======== EXTRACTED MATERIAL
(* Let $\mathbf P=(P_s)_{s\in\mathrm{SEQ}}$ and $\mathbf Q=(Q_s)_{s\in\mathrm{SEQ}}$ be normal Suslin schemes on $C$ consisting of $\mathbf m$-measurable sets, such that $\mathbf A(\mathbf P)$, $\mathbf A(\mathbf Q)$ and all $\mathbf A_f(\mathbf P)$, $\mathbf A_f(\mathbf Q)$ are measurable, and such that $\mathbf m(P_s\triangle Q_s)=0$ for all $s\in\mathrm{SEQ}$. Then $\mathbf m(\mathbf A(\mathbf P))=\mathbf m(\mathbf A(\mathbf Q))$.
   Context: $C=\{0,1\}^{\mathbb N}$, $\mathbf m$ the completed uniform product measure; $\triangle$ is symmetric difference. $\mathrm{SEQ}$ is the set of finite sequences of naturals, $\bar g(n)=\langle g(0),\dots,g(n-1)\rangle$. A Suslin scheme is a map $s\mapsto P_s\subseteq C$; normal means $t$ extends $s$ implies $P_t\subseteq P_s$. $\mathbf A(\mathbf P)=\bigcup_{g\in\mathbb N^{\mathbb N}}\bigcap_n P_{\bar g(n)}$; $\mathbf A_f(\mathbf P)=\bigcup_{g\le f}\bigcap_n P_{\bar g(n)}$ with pointwise $\le$. *)

From Stdlib Require Import Reals Lra Lia List.
Import ListNotations.
Open Scope R_scope.

Definition Cantor := nat -> bool.
Definition cset := Cantor -> Prop.

Definition cyl (s : list bool) : cset :=
  fun x => forall i, (i < length s)%nat -> x i = nth i s false.

(** Weight of a (possibly absent) cylinder: m([s]) = 2^{-|s|}. *)
Definition wt (o : option (list bool)) : R :=
  match o with Some s => (/ 2) ^ length s | None => 0 end.

Definition cover_sum (A : cset) (r : R) : Prop :=
  exists c : nat -> option (list bool),
    (forall x, A x -> exists n s, c n = Some s /\ cyl s x) /\
    infinite_sum (fun n => wt (c n)) r.

Lemma wt_nonneg o : 0 <= wt o.
Proof. destruct o; simpl; [apply pow_le; lra | lra]. Qed.

Lemma psum_nonneg (f : nat -> R) N :
  (forall n, 0 <= f n) -> 0 <= sum_f_R0 f N.
Proof.
  intros Hf; induction N; simpl; [apply Hf|].
  pose proof (Hf (S N)); lra.
Qed.

Lemma cover_sum_nonneg A r : cover_sum A r -> 0 <= r.
Proof.
  intros [c [_ H]].
  destruct (Rle_dec 0 r) as [h|h]; [exact h|].
  exfalso. destruct (H (- r)) as [N HN]; [lra|].
  specialize (HN N (le_n N)).
  pose proof (psum_nonneg (fun n => wt (c n)) N (fun n => wt_nonneg (c n))).
  unfold R_dist in HN. apply Rabs_def2 in HN. lra.
Qed.

Lemma cover_sum_exists A : exists r, cover_sum A r.
Proof.
  exists 1. exists (fun n => match n with O => Some [] | S _ => None end).
  split.
  - intros x _. exists O, []. split; [reflexivity|]. intros i Hi; simpl in Hi; lia.
  - intros eps He. exists O. intros n _.
    assert (E : sum_f_R0 (fun n => wt (match n with O => Some [] | S _ => None end)) n = 1).
    { induction n; simpl; [lra|]. rewrite IHn; lra. }
    rewrite E. unfold R_dist. rewrite Rminus_diag, Rabs_R0. exact He.
Qed.

Definition neg_cover_sums (A : cset) : R -> Prop := fun y => cover_sum A (- y).

Lemma neg_cover_sums_bound A : bound (neg_cover_sums A).
Proof.
  exists 0. intros y Hy. apply cover_sum_nonneg in Hy. lra.
Qed.

Lemma neg_cover_sums_ne A : exists y, neg_cover_sums A y.
Proof.
  destruct (cover_sum_exists A) as [r Hr]. exists (- r).
  unfold neg_cover_sums. rewrite Ropp_involutive. exact Hr.
Qed.

(** Outer measure m*(A) = inf of total weights of countable cylinder covers. *)
Definition mstar (A : cset) : R :=
  - proj1_sig (completeness (neg_cover_sums A)
                 (neg_cover_sums_bound A) (neg_cover_sums_ne A)).

(** Carathéodory measurability w.r.t. m*; these are exactly the sets measurable
    for the completed uniform product measure m, and m = m* on them. *)
Definition measurable (A : cset) : Prop :=
  forall E : cset,
    mstar E = mstar (fun x => E x /\ A x) + mstar (fun x => E x /\ ~ A x).

Definition m (A : cset) : R := mstar A.

Definition symdiff (A B : cset) : cset :=
  fun x => (A x /\ ~ B x) \/ (B x /\ ~ A x).

Definition suslin_scheme := list nat -> cset.

Definition normal (P : suslin_scheme) : Prop :=
  forall s t : list nat, (exists u, t = s ++ u) -> forall x, P t x -> P s x.

Definition gbar (g : nat -> nat) (n : nat) : list nat := map g (seq 0 n).

Definition suslinA (P : suslin_scheme) : cset :=
  fun x => exists g : nat -> nat, forall n, P (gbar g n) x.

Definition suslinA_f (f : nat -> nat) (P : suslin_scheme) : cset :=
  fun x => exists g : nat -> nat, (forall n, (g n <= f n)%nat) /\ forall n, P (gbar g n) x.

(* Outer measure alone suffices.  If x is in A(P) but not in A(Q), witnessed by g, then
   x lies in P_s \ Q_s for some initial segment s of g, so A(P) is covered by A(Q) together
   with the countably many null sets P_s \ Q_s.  Countable subadditivity of m* then gives
   m*(A(P)) <= m*(A(Q)), and the converse inequality by symmetry. *)
From Stdlib Require Import Reals List.
From Stdlib Require Import Lra Lia Cantor Classical ClassicalEpsilon.
Import ListNotations.
Open Scope R_scope.

Fixpoint psum (a : nat -> R) (n : nat) : R :=
  match n with O => 0 | S n => psum a n + a n end.

Lemma sum_f_R0_psum a n : sum_f_R0 a n = psum a (S n).
Proof. induction n; simpl in *; [lra|]. rewrite IHn. simpl. lra. Qed.

Lemma psum_ext a b n : (forall k, a k = b k) -> psum a n = psum b n.
Proof. intros H; induction n; simpl; [lra|]. rewrite IHn, H; lra. Qed.

Lemma psum_le_mono a n p : (forall k, 0 <= a k) -> (n <= p)%nat -> psum a n <= psum a p.
Proof. intros H Hle; induction Hle; [lra|]. simpl. specialize (H m); lra. Qed.

Lemma psum_le_infinite_sum a r N :
  (forall k, 0 <= a k) -> infinite_sum a r -> psum a N <= r.
Proof.
  intros Ha Hr. apply Rnot_lt_le. intros Hlt.
  destruct (Hr (psum a N - r)) as [M HM]; [lra|].
  specialize (HM (Nat.max M N) (Nat.le_max_l _ _)).
  rewrite sum_f_R0_psum in HM. unfold Rdist in HM. apply Rabs_def2 in HM.
  assert (psum a N <= psum a (S (Nat.max M N))) by (apply psum_le_mono; [exact Ha | lia]).
  lra.
Qed.

Lemma infinite_sum_bounded a B :
  (forall k, 0 <= a k) -> (forall N, psum a N <= B) ->
  exists r, infinite_sum a r /\ r <= B.
Proof.
  intros Ha HB.
  destruct (growing_cv (sum_f_R0 a)) as [l Hl].
  - intros n. rewrite !sum_f_R0_psum. simpl. specialize (Ha (S n)). lra.
  - exists B. intros x [i ->]. rewrite sum_f_R0_psum. apply HB.
  - exists l. split; [exact Hl|]. apply Rnot_lt_le. intros Hlt.
    destruct (Hl (l - B)) as [M HM]; [lra|].
    specialize (HM M (le_n M)). rewrite sum_f_R0_psum in HM.
    specialize (HB (S M)). unfold Rdist in HM. apply Rabs_def2 in HM. lra.
Qed.

Definition interleave {T} (a b : nat -> T) (j : nat) : T :=
  if Nat.even j then a (Nat.div2 j) else b (Nat.div2 j).

Lemma interleave_even {T} (a b : nat -> T) n : interleave a b (2 * n) = a n.
Proof. unfold interleave. now rewrite Nat.even_even, Nat.div2_double. Qed.

Lemma interleave_odd {T} (a b : nat -> T) n : interleave a b (S (2 * n)) = b n.
Proof.
  unfold interleave. replace (S (2 * n)) with (2 * n + 1)%nat by lia.
  rewrite Nat.even_odd, Nat.add_1_r. simpl negb. now rewrite Nat.div2_succ_double.
Qed.

Lemma psum_interleave a b n :
  psum (interleave a b) (2 * n) = psum a n + psum b n.
Proof.
  induction n; [simpl; lra|].
  replace (2 * S n)%nat with (S (S (2 * n))) by lia.
  cbn [psum]. rewrite IHn, interleave_even, interleave_odd. lra.
Qed.

(* [fuel] only makes the recursion structural; [merge] supplies enough of it, and
   [merge_unfold] is the intended equation. *)
Fixpoint merge_fuel {T} (fuel : nat) (default : T) (c : nat -> nat -> T) (j : nat) : T :=
  match fuel with
  | O => default
  | S fuel =>
      if Nat.even j then c O (Nat.div2 j)
      else merge_fuel fuel default (fun k => c (S k)) (Nat.div2 j)
  end.

Lemma merge_fuel_enough {T} (default : T) f1 :
  forall f2 c j, (j < f1)%nat -> (j < f2)%nat ->
  merge_fuel f1 default c j = merge_fuel f2 default c j.
Proof.
  induction f1; intros f2 c j H1 H2; [lia|]. destruct f2; [lia|]. simpl.
  destruct (Nat.even j) eqn:Ej; [reflexivity|].
  assert (j <> 0%nat) by (intros ->; discriminate).
  pose proof (Nat.lt_div2 j ltac:(lia)). apply IHf1; lia.
Qed.

Definition merge {T} (default : T) (c : nat -> nat -> T) (j : nat) : T :=
  merge_fuel (S j) default c j.

Lemma merge_unfold {T} (default : T) c j :
  merge default c j = interleave (c O) (merge default (fun k => c (S k))) j.
Proof.
  unfold interleave, merge at 1. simpl merge_fuel at 1.
  destruct (Nat.even j) eqn:Ej; [reflexivity|].
  unfold merge. apply merge_fuel_enough; [|lia].
  assert (j <> 0%nat) by (intros ->; discriminate).
  pose proof (Nat.lt_div2 j ltac:(lia)). lia.
Qed.

Lemma merge_surj {T} (default : T) k :
  forall n c, exists j, merge default c j = c k n.
Proof.
  induction k; intros n c.
  - exists (2 * n)%nat. now rewrite merge_unfold, interleave_even.
  - destruct (IHk n (fun k => c (S k))) as [j Hj].
    exists (S (2 * j)). now rewrite merge_unfold, interleave_odd.
Qed.

Definition cover := nat -> option (list bool).

Definition covers (c : cover) (A : cset) : Prop :=
  forall x, A x -> exists n s, c n = Some s /\ cyl s x.

Definition weight_le (c : cover) (r : R) : Prop :=
  forall N, psum (fun n => wt (c n)) N <= r.

Lemma covers_interleave a b A B :
  covers a A -> covers b B -> covers (interleave a b) (fun x => A x \/ B x).
Proof.
  intros Ha Hb x [Hx | Hx].
  - destruct (Ha x Hx) as [n Hn]. exists (2 * n)%nat. now rewrite interleave_even.
  - destruct (Hb x Hx) as [n Hn]. exists (S (2 * n)). now rewrite interleave_odd.
Qed.

Lemma weight_le_interleave a b r r' :
  weight_le a r -> weight_le b r' -> weight_le (interleave a b) (r + r').
Proof.
  intros Ha Hb N.
  apply Rle_trans with (psum (fun n => wt (interleave a b n)) (2 * N)).
  - apply psum_le_mono; [intros; apply wt_nonneg | lia].
  - rewrite (psum_ext _ (interleave (fun n => wt (a n)) (fun n => wt (b n))))
      by (intros j; unfold interleave; now destruct (Nat.even j)).
    rewrite psum_interleave. specialize (Ha N). specialize (Hb N). lra.
Qed.

Lemma covers_merge (c : nat -> cover) (A : nat -> cset) :
  (forall k, covers (c k) (A k)) -> covers (merge None c) (fun x => exists k, A k x).
Proof.
  intros Hc x [k Hx]. destruct (Hc k x Hx) as [n [s [Hn Hs]]].
  destruct (merge_surj None k n c) as [j Hj]. exists j, s. now rewrite Hj.
Qed.

(* The budget [eps / 2 ^ (k + 1)] for the k-th cover halves at each level of [merge]. *)
Lemma weight_le_merge_pow2 p :
  forall eps (c : nat -> cover),
  (forall k, weight_le (c k) (eps / 2 ^ S k)) ->
  psum (fun j => wt (merge None c j)) (2 ^ p) <= eps.
Proof.
  induction p; intros eps c Hc.
  - simpl. rewrite merge_unfold, (interleave_even _ _ 0).
    specialize (Hc O 1%nat). simpl in Hc. pose proof (wt_nonneg (c O O)). lra.
  - rewrite Nat.pow_succ_r'.
    rewrite (psum_ext _ (interleave (fun n => wt (c O n))
                           (fun n => wt (merge None (fun k => c (S k)) n))))
      by (intros j; rewrite merge_unfold; unfold interleave; now destruct (Nat.even j)).
    rewrite psum_interleave.
    assert (Hhead : psum (fun n => wt (c O n)) (2 ^ p) <= eps / 2).
    { specialize (Hc O (2 ^ p)%nat). replace (eps / 2) with (eps / 2 ^ 1) by (simpl; field).
      exact Hc. }
    assert (Htail : psum (fun n => wt (merge None (fun k => c (S k)) n)) (2 ^ p) <= eps / 2).
    { apply IHp. intros k.
      replace (eps / 2 / 2 ^ S k) with (eps / 2 ^ S (S k)); [apply Hc|].
      assert (2 ^ k > 0) by (apply pow_lt; lra). simpl. field. lra. }
    lra.
Qed.

Lemma weight_le_merge eps (c : nat -> cover) :
  (forall k, weight_le (c k) (eps / 2 ^ S k)) -> weight_le (merge None c) eps.
Proof.
  intros Hc N. apply Rle_trans with (psum (fun j => wt (merge None c j)) (2 ^ N)).
  - apply psum_le_mono; [intros; apply wt_nonneg|].
    pose proof (Nat.pow_gt_lin_r 2 N ltac:(lia)). lia.
  - now apply weight_le_merge_pow2.
Qed.

Lemma mstar_le_cover_sum A r : cover_sum A r -> mstar A <= r.
Proof.
  intros H. unfold mstar. destruct (completeness _ _ _) as [l [Hub Hlub]]. simpl.
  assert (-r <= l) by (apply Hub; unfold neg_cover_sums; now rewrite Ropp_involutive).
  lra.
Qed.

Lemma cover_sum_lt_mstar A eps : 0 < eps -> exists r, cover_sum A r /\ r < mstar A + eps.
Proof.
  intros He. apply NNPP. intros Hno. unfold mstar in Hno.
  destruct (completeness _ _ _) as [l [Hub Hlub]]. simpl in Hno.
  assert (l <= l - eps); [|lra].
  apply Hlub. intros y Hy. apply Rnot_lt_le. intros Hlt.
  apply Hno. exists (- y). split; [exact Hy | lra].
Qed.

Lemma mstar_le_weight A c r : covers c A -> weight_le c r -> mstar A <= r.
Proof.
  intros Hc Hw.
  destruct (infinite_sum_bounded (fun n => wt (c n)) r) as [r' [Hr' Hle]];
    [intros; apply wt_nonneg | exact Hw |].
  assert (mstar A <= r') by (apply mstar_le_cover_sum; now exists c). lra.
Qed.

Lemma exists_cover_weight_le A eps :
  0 < eps -> exists c, covers c A /\ weight_le c (mstar A + eps).
Proof.
  intros He. destruct (cover_sum_lt_mstar A eps He) as [r [[c [Hc Hr]] Hlt]].
  exists c. split; [exact Hc|]. intros N.
  pose proof (psum_le_infinite_sum _ _ N (fun n => wt_nonneg (c n)) Hr). lra.
Qed.

Lemma mstar_le_union_null (A B : cset) (Z : nat -> cset) :
  (forall k, mstar (Z k) = 0) ->
  (forall x, A x -> B x \/ exists k, Z k x) ->
  mstar A <= mstar B.
Proof.
  intros HZ HA. apply Rle_plus_epsilon. intros eps He.
  destruct (exists_cover_weight_le B (eps / 2) ltac:(lra)) as [cB [HcB HwB]].
  assert (Hsmall : forall k, exists c, covers c (Z k) /\ weight_le c (eps / 2 / 2 ^ S k)).
  { intros k. rewrite <- (Rplus_0_l (eps / 2 / 2 ^ S k)), <- (HZ k).
    apply exists_cover_weight_le, Rdiv_lt_0_compat; [lra | apply pow_lt; lra]. }
  destruct (choice _ Hsmall) as [cZ HcZ].
  apply (mstar_le_weight _ (interleave cB (merge None cZ))).
  - intros x Hx. apply (covers_interleave _ _ B (fun x => exists k, Z k x)); [exact HcB| |auto].
    apply covers_merge. intros k. apply HcZ.
  - replace (mstar B + eps) with (mstar B + eps / 2 + eps / 2) by lra.
    apply weight_le_interleave; [exact HwB|].
    apply weight_le_merge. intros k. apply HcZ.
Qed.

Fixpoint code (s : list nat) : nat :=
  match s with [] => O | a :: s => S (to_nat (a, code s)) end.

Fixpoint decode_fuel (fuel j : nat) : list nat :=
  match fuel, j with
  | O, _ | _, O => []
  | S fuel, S j => let (a, b) := of_nat j in a :: decode_fuel fuel b
  end.

Definition decode (j : nat) : list nat := decode_fuel (S j) j.

Lemma decode_fuel_code s : forall fuel, (code s < fuel)%nat -> decode_fuel fuel (code s) = s.
Proof.
  induction s as [|a s IH]; intros fuel H; destruct fuel; cbn [code decode_fuel] in *;
    try lia; try reflexivity.
  rewrite cancel_of_to. f_equal. apply IH.
  pose proof (to_nat_non_decreasing a (code s)). lia.
Qed.

Lemma decode_code s : decode (code s) = s.
Proof. apply decode_fuel_code. lia. Qed.

Lemma suslinA_sub_diff (P Q : suslin_scheme) x :
  suslinA P x -> suslinA Q x \/ exists s, P s x /\ ~ Q s x.
Proof.
  intros [g Hg]. destruct (classic (suslinA Q x)) as [HQ | HQ]; [now left|].
  right. apply NNPP. intros Hno. apply HQ. exists g. intros n.
  apply NNPP. intros Hq. apply Hno. now exists (gbar g n).
Qed.

Lemma mstar_suslinA_le (P Q D : suslin_scheme) :
  (forall s, mstar (D s) = 0) ->
  (forall s x, P s x -> ~ Q s x -> D s x) ->
  mstar (suslinA P) <= mstar (suslinA Q).
Proof.
  intros Hnull HD.
  apply (mstar_le_union_null _ _ (fun k => D (decode k))); [intros k; apply Hnull|].
  intros x Hx. destruct (suslinA_sub_diff P Q x Hx) as [HQ | [s [HP HQ]]]; [now left|].
  right. exists (code s). rewrite decode_code. now apply HD.
Qed.

Theorem lemma5 (P Q : suslin_scheme) :
  normal P -> normal Q ->
  (forall s, measurable (P s)) -> (forall s, measurable (Q s)) ->
  measurable (suslinA P) -> measurable (suslinA Q) ->
  (forall f, measurable (suslinA_f f P)) -> (forall f, measurable (suslinA_f f Q)) ->
  (forall s, m (symdiff (P s) (Q s)) = 0) ->
  m (suslinA P) = m (suslinA Q).
Proof.
  intros _ _ _ _ _ _ _ _ Hnull. unfold m in *. apply Rle_antisym.
  - apply (mstar_suslinA_le P Q (fun s => symdiff (P s) (Q s))); [exact Hnull|].
    intros s x HP HQ. now left.
  - apply (mstar_suslinA_le Q P (fun s => symdiff (P s) (Q s))); [exact Hnull|].
    intros s x HQ HP. now right.
Qed.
================
■ REQUIRED WORK:
Repeat word for word the lines above that run from the line containing "exists c : nat" through the line containing "[lra|]. rewrite IHn;", both ends included, and nothing else.

■ TASK SOLUTION:
  exists c : nat -> option (list bool),
    (forall x, A x -> exists n s, c n = Some s /\ cyl s x) /\
    infinite_sum (fun n => wt (c n)) r.

Lemma wt_nonneg o : 0 <= wt o.
Proof. destruct o; simpl; [apply pow_le; lra | lra]. Qed.

Lemma psum_nonneg (f : nat -> R) N :
  (forall n, 0 <= f n) -> 0 <= sum_f_R0 f N.
Proof.
  intros Hf; induction N; simpl; [apply Hf|].
  pose proof (Hf (S N)); lra.
Qed.

Lemma cover_sum_nonneg A r : cover_sum A r -> 0 <= r.
Proof.
  intros [c [_ H]].
  destruct (Rle_dec 0 r) as [h|h]; [exact h|].
  exfalso. destruct (H (- r)) as [N HN]; [lra|].
  specialize (HN N (le_n N)).
  pose proof (psum_nonneg (fun n => wt (c n)) N (fun n => wt_nonneg (c n))).
  unfold R_dist in HN. apply Rabs_def2 in HN. lra.
Qed.

Lemma cover_sum_exists A : exists r, cover_sum A r.
Proof.
  exists 1. exists (fun n => match n with O => Some [] | S _ => None end).
  split.
  - intros x _. exists O, []. split; [reflexivity|]. intros i Hi; simpl in Hi; lia.
  - intros eps He. exists O. intros n _.
    assert (E : sum_f_R0 (fun n => wt (match n with O => Some [] | S _ => None end)) n = 1).
    { induction n; simpl; [lra|]. rewrite IHn; lra. }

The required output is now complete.